Lemma card_roots_quadratic (a b e : F) : a != 0 ->
  (#|[set t : F | (a * t ^+ 2 + b * t + e == 0)%R]| <= 2)%N.
Proof.
move=> an0; set R := [set t | _]; have [-> | [r rR]] := set_0Vmem R; first by rewrite cards0.
apply: (@leq_trans #|[set r; - b / a - r]|); last by rewrite cards2; case: (_ != _).
apply/subset_leq_card/subsetP => t; rewrite !inE => /eqP te.
move: rR; rewrite inE => /eqP re.
have : (t - r) * (a * (t + r) + b) = 0.
  by rewrite -[RHS](subrr 0) -{1}te -re; ring.
move/eqP; rewrite mulf_eq0 subr_eq0 => /orP[-> // | /eqP tr].
apply/orP; right; rewrite -subr_eq0.
have -> : t - (- b / a - r) = (a * (t + r) + b) / a by field.
by rewrite tr mul0r.
Qed.

Lemma card_sqr_roots_char2 (a e : F) : 2%:R = 0 :> F -> a != 0 ->
  (#|[set t : F | (a * t ^+ 2 == e)%R]| <= 1)%N.
Proof.
move=> two0 an0; apply/card_le1_eqP => t t'; rewrite !inE => /eqP te /eqP t'e.
have : (t - t') ^+ 2 = 0.
  have -> : (t - t') ^+ 2 = (a * t ^+ 2 - a * t' ^+ 2) / a - 2%:R * t' * (t - t') by field.
  by rewrite te t'e subrr mul0r two0 !mul0r subrr.
by move/eqP; rewrite expf_eq0 subr_eq0 => /eqP.
Qed.

Lemma two_eq0 : ~~ odd #|F| -> 2%:R = 0 :> F.
Proof.
move=> even_q; have [p p_pr pcharFp] := finPcharP F.
have /abelem_pgroup/pgroupP/(_ 2 isT) := fin_ring_pchar_abelem pcharFp.
rewrite cardsT dvdn2 even_q => /(_ isT); rewrite inE => /eqP p2.
by rewrite -p2 in pcharFp; apply: pcharf0.
Qed.
(* Consider problem (P2) with constraints C1 and C4 removed, i.e. maximize over the binary selection $x\in\{0,1\}^K$ (equivalently over sets $\Psi\subseteq\mathcal{K}$) the value $EE^*_\Psi$. Suppose the trading EEs satisfy, after relabeling, $EE^*_1>EE^*_2>\dots>EE^*_K$. Algorithm 2 is: set $\Psi=\emptyset$; for $k=1,\dots,K$ in this order, if $EE^*_{\Psi\cup\{k\}}>EE^*_\Psi$ then replace $\Psi$ by $\Psi\cup\{k\}$; output $\Psi$. Then the set $\Psi$ output by Algorithm 2 is optimal, i.e. $EE^*_\Psi\ge EE^*_{\Psi'}$ for every $\Psi'\subseteq\mathcal{K}$.
   Context: Setting: $\mathcal{K}=\{1,\dots,K\}$ macro users (MUs), $\mathcal{N}=\{1,\dots,N\}$ small-cell users (SUs). Constants: $N_0>0$, $\xi\in(0,1]$, $P_{\rm c}>0$; for each $k$: $W^k_{MC}>0$, $R^k_{MC}>0$, $h_k>0$, $g_{k,n}>0$ ($n\in\mathcal{N}$); for each $n$: $B^n_{SC}>0$, $g_n>0$. Let $k'\in\arg\max_{n}g_{k,n}$ and $\rho(b,p,g)=b\log_2(1+\frac{pg}{bN_0})$ ($=0$ if $b=0$). For $\Psi\subseteq\mathcal{K}$, $EE^*_\Psi$ is the optimal value of: with $x_k=\mathbf 1[k\in\Psi]$, maximize over $p_n\ge0$, $p_{k,k'}\ge0$, $b_{k,k'}\ge0$, $q_k\ge0$, $w_k\ge0$ $$\frac{\sum_{n}\rho(B^n_{SC},p_n,g_n)+\sum_{k}x_k\rho(b_{k,k'},p_{k,k'},g_{k,k'})}{\sum_n\frac{p_n}{\xi}+\sum_kx_k\frac{p_{k,k'}}{\xi}+\sum_kx_k\frac{q_k}{\xi}+P_{\rm c}}$$ subject only to $b_{k,k'}+w_k=x_kW^k_{MC}$ and $\rho(w_k,q_k,h_k)=x_kR^k_{MC}$ for all $k$ (no total power constraint and no minimum system rate constraint). For each $k$, the trading EE $EE^*_k$ is the optimal value of: maximize over $p_{k,k'}\ge0$, $b_{k,k'}\ge0$, $q_k\ge0$, $w_k\ge0$ the ratio $\frac{\rho(b_{k,k'},p_{k,k'},g_{k,k'})}{p_{k,k'}/\xi+q_k/\xi}$ subject to $b_{k,k'}+w_k\le W^k_{MC}$ and $\rho(w_k,q_k,h_k)\ge R^k_{MC}$. *)

From HB Require Import structures.
From mathcomp Require Import all_boot all_order all_algebra.
From mathcomp Require Import all_classical all_reals.
From mathcomp Require Import exp.
Set Implicit Arguments. Unset Strict Implicit. Unset Printing Implicit Defensive.
Import Order.TTheory GRing.Theory Num.Theory.
Local Open Scope classical_set_scope.
Local Open Scope ring_scope.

━━━━━━━━━━━━━━━━━━━━

■ **TASK REQUIREMENTS**
Extract every line containing the string "Open" from the material.

■ **ANSWER**
Local Open Scope classical_set_scope.
Local Open Scope ring_scope.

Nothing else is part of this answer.